In this blog post, I will give an overview of online recommendation systems, the various approaches for building different subcomponents, and offer some guidance to help you reduce costs, manage complexity, and enable your team to ship ideas.
Overview
While online recommendation systems can vary substantially, they are all generally composed of the same high-level components. Those are:
- Candidate generation
- Feature retrieval
- Filtering
- Model inference
- Pointwise scoring and ranking
- Listwise ranking
Candidate generation
Candidate generation is responsible for quickly and cheaply narrowing the set of possible candidates down to a small enough set that can be ranked. For example, narrowing a billion possible YouTube videos down to ~hundreds based on a user’s subscriptions and recent interests. A good candidate generation system produces a relatively small number of diverse, high-quality candidates for the rest of the system.

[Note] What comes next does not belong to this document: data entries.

(* Let $R$ be a commutative Noetherian ring with unity. Any two distinct associated primes of $R$ (viewed as vertices of $\Gamma_E(R)$) are joined by an edge in $\Gamma_E(R)$. Furthermore, every vertex $[v]$ of $\Gamma_E(R)$ is either an associated prime or is adjacent to a vertex $[z]$ such that $\operatorname{ann}(z)$ is an associated prime which is a maximal element of $\mathfrak F=\{\operatorname{ann}(x)\mid 0\neq x\in R\}$.
   Context: For $x,y\in R$ write $x\sim y$ iff $\operatorname{ann}(x)=\operatorname{ann}(y)$; this is an equivalence relation, $[x]$ denotes the class of $x$, and $[x]\cdot[y]=[xy]$ is well defined. Let $Z^*(R)$ be the set of nonzero zero divisors of $R$. The graph $\Gamma_E(R)$ is the simple graph whose vertices are the classes $[x]$ with $x\in Z^*(R)$, two distinct vertices $[x],[y]$ being adjacent iff $xy=0$. A prime ideal $\mathfrak p$ is an associated prime of $R$ if $\mathfrak p=\operatorname{ann}(y)$ for some $y\in R$; the map $\mathfrak p=\operatorname{ann}(y)\mapsto[y]$ injects the set $\operatorname{Ass}(R)$ of associated primes into the vertex set, and a vertex $[y]$ is called an associated prime if $\operatorname{ann}(y)$ is a prime ideal. *)

From mathcomp Require Import all_boot all_order all_algebra.
Set Implicit Arguments. Unset Strict Implicit. Unset Printing Implicit Defensive.
Import GRing.Theory.
Local Open Scope ring_scope.

Section Defs.
Variable R : comNzRingType.

Definition subset_of (I J : R -> Prop) : Prop := forall x, I x -> J x.
Definition same_set (I J : R -> Prop) : Prop := forall x, I x <-> J x.

Definition is_ideal (I : R -> Prop) : Prop :=
  [/\ I 0, (forall x y, I x -> I y -> I (x + y)) &
      (forall r x, I x -> I (r * x))].

Definition is_prime_ideal (P : R -> Prop) : Prop :=
  [/\ is_ideal P, ~ P 1 & (forall a b, P (a * b) -> P a \/ P b)].

Definition noetherian : Prop :=
  forall I : nat -> (R -> Prop), (forall n, is_ideal (I n)) ->
    (forall n, subset_of (I n) (I n.+1)) ->
    exists N : nat, forall n, (N <= n)%N -> same_set (I n) (I N).

Definition ann (x : R) : R -> Prop := fun y => x * y = 0.

(* x ~ y iff ann x = ann y ; [x] = [y] in the vertex set *)
Definition ann_equiv (x y : R) : Prop := same_set (ann x) (ann y).

Definition nz_zero_divisor (x : R) : Prop := x <> 0 /\ exists y, y <> 0 /\ x * y = 0.

Definition assoc_prime_vertex (y : R) : Prop := is_prime_ideal (ann y).

Definition maximal_in_F (z : R) : Prop :=
  z <> 0 /\ forall x, x <> 0 -> subset_of (ann z) (ann x) -> same_set (ann x) (ann z).

Definition adjacent (x y : R) : Prop := ~ ann_equiv x y /\ x * y = 0.
End Defs.

From mathcomp Require Import all_boot all_order all_algebra.
From Stdlib Require Import Classical ClassicalEpsilon.
Import GRing.Theory.
Local Open Scope ring_scope.

(* For two associated primes ann y1 <> ann y2: if y1 y2 were nonzero, primality
   of ann y1 and of ann y2 would force ann (y1 y2) to equal both, so y1 y2 = 0.
   For an arbitrary vertex [v], pick w <> 0 with v w = 0; by the maximal
   condition of a Noetherian ring, ann w lies in a maximal member ann z of
   {ann x | x <> 0}, which is prime, and v z = 0 since v lies in ann w.  Either
   [v] = [z] is itself an associated prime, or [v] and [z] are adjacent. *)

Section Annihilators.
Context {R : comNzRingType}.

Lemma ann_is_ideal (x : R) : is_ideal (ann x).
Proof.
split; rewrite /ann ?mulr0 //.
- by move=> a b Ha Hb; rewrite mulrDr Ha Hb addr0.
- by move=> r a Ha; rewrite mulrCA Ha mulr0.
Qed.

Lemma ann_subset_mulr (x y : R) : subset_of (ann x) (ann (x * y)).
Proof. by move=> r; rewrite /ann => Hr; rewrite mulrAC Hr mul0r. Qed.

Lemma prime_ideal_same_set (I J : R -> Prop) :
  same_set I J -> is_prime_ideal I -> is_prime_ideal J.
Proof.
move=> IJ [[I0 ID IM] I1 Ip]; split; first split.
- exact/IJ.
- by move=> x y /IJ Hx /IJ Hy; apply/IJ/ID.
- by move=> r x /IJ Hx; apply/IJ/IM.
- by move/IJ.
- by move=> a b /IJ/Ip [] /IJ; [left | right].
Qed.

Lemma prime_ann_mulr {x y : R} :
  is_prime_ideal (ann y) -> y * x <> 0 -> same_set (ann (y * x)) (ann y).
Proof.
move=> [_ _ Py] yx0 s; split; last exact: ann_subset_mulr.
move=> yxs; have : ann y (x * s) by rewrite /ann mulrA.
by case/Py.
Qed.

Lemma distinct_prime_anns_mul_eq0 {y1 y2 : R} :
  is_prime_ideal (ann y1) -> is_prime_ideal (ann y2) -> ~ ann_equiv y1 y2 ->
  y1 * y2 = 0.
Proof.
move=> P1 P2 y12; apply: NNPP => y1y2; apply: y12 => s.
have y2y1 : y2 * y1 <> 0 by rewrite mulrC.
by rewrite -(prime_ann_mulr P1 y1y2 s) -(prime_ann_mulr P2 y2y1 s) (mulrC y1).
Qed.

Lemma maximal_in_F_assoc_prime {z : R} :
  maximal_in_F z -> assoc_prime_vertex z.
Proof.
move=> [z0 zmax]; split; first exact: ann_is_ideal.
- by rewrite /ann mulr1.
- move=> a b zab; case: (classic (ann z a)) => za; [by left | right].
  apply: (zmax _ za (ann_subset_mulr z a) b).1.
  by rewrite /ann -mulrA.
Qed.

Lemma noetherian_maximal_condition {P : (R -> Prop) -> Prop} {I0 : R -> Prop} :
  noetherian R -> (forall I, P I -> is_ideal I) -> P I0 ->
  exists I, P I /\ forall J, P J -> subset_of I J -> same_set J I.
Proof.
move=> HR Pideal PI0; apply: NNPP => nomax.
have grow I : P I -> exists J, [/\ P J, subset_of I J & ~ same_set J I].
  move=> PI; apply: NNPP => nogrow; apply: nomax; exists I; split=> // J PJ IJ.
  by apply: NNPP => JI; apply: nogrow; exists J.
pose g I := epsilon (inhabits I0)
  (fun J => [/\ P J, subset_of I J & ~ same_set J I]).
have gP I : P I -> [/\ P (g I), subset_of I (g I) & ~ same_set (g I) I].
  by move=> PI; apply: (epsilon_spec (inhabits I0) _ (grow I PI)).
have chainP n : P (iter n g I0) by elim: n => //= n /gP[].
have [N stable] := HR (fun n => iter n g I0) (fun n => Pideal _ (chainP n))
  (fun n => let: And3 _ sub _ := gP _ (chainP n) in sub).
by have [_ _] := gP _ (chainP N); apply; apply: (stable N.+1).
Qed.

Lemma ann_le_maximal_in_F {w : R} : noetherian R -> w <> 0 ->
  exists z, maximal_in_F z /\ subset_of (ann w) (ann z).
Proof.
move=> HR w0.
pose P (I : R -> Prop) := exists x, [/\ x <> 0, I = ann x & subset_of (ann w) I].
have Pideal I : P I -> is_ideal I by move=> [x [_ -> _]]; apply: ann_is_ideal.
have Pw : P (ann w) by exists w; split.
have [I [[z [z0 -> wz]] zmax]] := noetherian_maximal_condition HR Pideal Pw.
exists z; split=> //; split=> // x x0 zx; apply: zmax => //.
by exists x; split=> // r /wz /zx.
Qed.

End Annihilators.

Theorem lemma1p2 (R : comNzRingType) (HR : noetherian R) :
  (forall y1 y2 : R,
      nz_zero_divisor y1 -> nz_zero_divisor y2 ->
      assoc_prime_vertex y1 -> assoc_prime_vertex y2 ->
      ~ ann_equiv y1 y2 -> adjacent y1 y2)
  /\
  (forall v : R, nz_zero_divisor v ->
      assoc_prime_vertex v \/
      exists z : R, [/\ nz_zero_divisor z, adjacent v z,
                        assoc_prime_vertex z & maximal_in_F z]).
Proof.
split.
- move=> y1 y2 _ _ P1 P2 y12; split=> //.
  exact: distinct_prime_anns_mul_eq0 P1 P2 y12.
- move=> v [v0 [w [w0 vw]]].
  have [z [zmax wz]] := ann_le_maximal_in_F HR w0.
  have vz : v * z = 0 by rewrite mulrC; apply: wz; rewrite /ann mulrC.
  have Pz := maximal_in_F_assoc_prime zmax.
  case: (classic (ann_equiv v z)) => vz_equiv.
  + by left; apply: prime_ideal_same_set Pz => s; rewrite (vz_equiv s).
  + right; exists z; split=> //; split; first by case: zmax.
    by exists v; rewrite mulrC.
Qed.
(* For every $f\in F_0(G)$, conditional on $f_0=f$, for every $n\in\mathbb Z_+$ the inter-jump time $\xi_n$ of the interacting particle system is stochastically larger than an exponential random variable with rate $(n-1)Md+\|f\|_1$, i.e. $P_f(\xi_n>t)\ge e^{-((n-1)Md+\|f\|_1)t}$ for all $t\ge0$.
   Context: A graph is a quadruple $G=(V,E,K,m)$: $V$ is a finite or countable set of nodes, which are elements of a real Hilbert space $\mathcal H$ with inner product ''$\cdot$'' and norm $|\cdot|$; $E$ is a set of undirected edges (at most one edge between any two distinct nodes, no self-loops); the edge between $x$ and $y$ is written $\langle x,y\rangle=\langle y,x\rangle$, and $y\sim x$ means this edge exists; $K=(k_{xy})_{x,y\in V}$ with $k_{xy}=k_{yx}\ge0$ and $k_{xy}=0$ if there is no edge; $m=(m_x)_{x\in V}$ with $m_x>0$. Let $e_{xy}=(y-x)/|y-x|$. Assume $d_0=\sup_{x\in V}\#\{y:y\sim x\}<\infty$, set $d=\max\{d_0,2\}$, and assume $M=\max\{\sup_{x\in V}m_x^{-1},\sup_{\langle x,y\rangle\in E}k_{xy}\}<\infty$. $V=V_0\cup V_1$ is a fixed partition into disjoint sets. $F(G)$ is the set of functions $f$ assigning a real number $f(x)$ to each $x\in V$ and a vector $f(\langle x,y\rangle)\in\mathcal H$ that is a real multiple of $y-x$ to each edge. For $1\le\alpha<\infty$, $\|f\|_\alpha=\big(\sum_{x\in V}|f(x)|^\alpha/m_x+\sum_{\langle x,y\rangle\in E}k_{xy}|f(\langle x,y\rangle)|^\alpha\big)^{1/\alpha}$, and $\|f\|_\infty=\max\{\sup_x|f(x)|,\sup_{\langle x,y\rangle}|f(\langle x,y\rangle)|\}$. $F_0(G)$ is the set of $f\in F(G)$ with finitely many nonzero values such that $|f(x)|\in\mathbb Z$ and $|f(\langle x,y\rangle)|\in\mathbb Z$ for all nodes and edges. The interacting particle system (IPS) $(f_t)_{t\ge0}$ is the continuous-time Markov jump process on $F_0(G)$ with the following transitions from state $f$: (i) for each $x\in V$, at rate $|f(x)|/m_x$, for every $y\sim x$ the edge value $f(\langle x,y\rangle)$ is replaced by $f(\langle x,y\rangle)+\mathrm{sgn}(f(x))\,e_{yx}$ (all other values unchanged); (ii) for each edge $\langle x,y\rangle$, at rate $k_{xy}|f(\langle x,y\rangle)|$, with $s=\mathrm{sgn}(f(\langle x,y\rangle)\cdot e_{xy})$, the value $f(x)$ is replaced by $f(x)+s$ if $x\in V_0$ and $f(y)$ by $f(y)-s$ if $y\in V_0$ (values at nodes of $V_1$ never change; this rule is symmetric in $x,y$). $P_f,\mathbb E_f$ denote probability and expectation given $f_0=f$. $\tau_0=0$, $\tau_n$ is the time of the $n$-th jump, $\xi_n=\tau_n-\tau_{n-1}$, $h_n=f_{\tau_n}$, and $\eta_t=\sup\{n:\tau_n\le t\}$. *)

From Stdlib Require Import Reals Lra ZArith List Classical ClassicalEpsilon.
Open Scope R_scope.

Set Implicit Arguments.

Definition cdec (P : Prop) : {P} + {~ P} := excluded_middle_informative P.

Definition finsupp {T : Type} (g : T -> Z) : Prop :=
  exists l : list T, NoDup l /\ forall x, In x l <-> g x <> 0%Z.

(* A duplicate-free list enumerating exactly the support (chosen by
   classical choice; empty list if the support is not finite). *)
Definition supp {T : Type} (g : T -> Z) : list T :=
  match cdec (finsupp g) with
  | left H => proj1_sig (constructive_indefinite_description _ H)
  | right _ => nil
  end.

Definition rsum {T : Type} (l : list T) (F : T -> R) : R :=
  fold_right Rplus 0 (map F l).

Section Graph.
(* V = nodes, E = (undirected) edges; [ends e = (x,y)] fixes a
   reference orientation of the edge <x,y>; the Hilbert-space vector value of
   a function on the edge is encoded by its (integer, for F_0) coefficient c
   along the unit vector e_xy = (y-x)/|y-x|, i.e. f(<x,y>) = c * e_xy. *)
Variables (V E : Type) (ends : E -> V * V) (m : V -> R) (k : E -> R)
          (V0 : V -> Prop).

Definition state : Type := ((V -> Z) * (E -> Z))%type.

Definition in_F0 (f : state) : Prop := finsupp (fst f) /\ finsupp (snd f).

Definition norm1 (f : state) : R :=
  rsum (supp (fst f)) (fun x => IZR (Z.abs (fst f x)) / m x)
  + rsum (supp (snd f)) (fun e => k e * IZR (Z.abs (snd f e))).

(* The Poisson clocks of the IPS: one per node (rule (i)) and one per edge
   (rule (ii)); only clocks with possibly nonzero rate are listed. *)
Inductive clock : Type := NodeClock (x : V) | EdgeClock (e : E).

Definition clocks (f : state) : list clock :=
  map NodeClock (supp (fst f)) ++ map EdgeClock (supp (snd f)).

Definition rate (f : state) (c : clock) : R :=
  match c with
  | NodeClock x => IZR (Z.abs (fst f x)) / m x
  | EdgeClock e => k e * IZR (Z.abs (snd f e))
  end.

There are many different options that can make effective candidate generators:
- Query your existing operational database
- E.g., query Postgres for a user’s recently purchased items.
- Create a dedicated “candidate database” in a key-value store.
- E.g., use Redis sorted sets to track popular items in a given locale, or
- run a daily batch job to generate a list of 500 candidates for every user and load those candidates into DynamoDB.
- Vector/Embedding similarity-based approaches
- Many different ML approaches that can learn “embeddings” for users and items. These approaches can be combined with vector search technologies like Faiss, Annoy, Milvus, and Elasticsearch to scale to online serving.
- See this blog post for an excellent discussion on the state of the art using approximate nearest neighbor search in conjunction with a two-tower deep neural network.
- Collaborative Filtering/Matrix Factorization also falls into this category. For lower scale or less mature systems, a basic collaborative filtering model may also be used directly in production.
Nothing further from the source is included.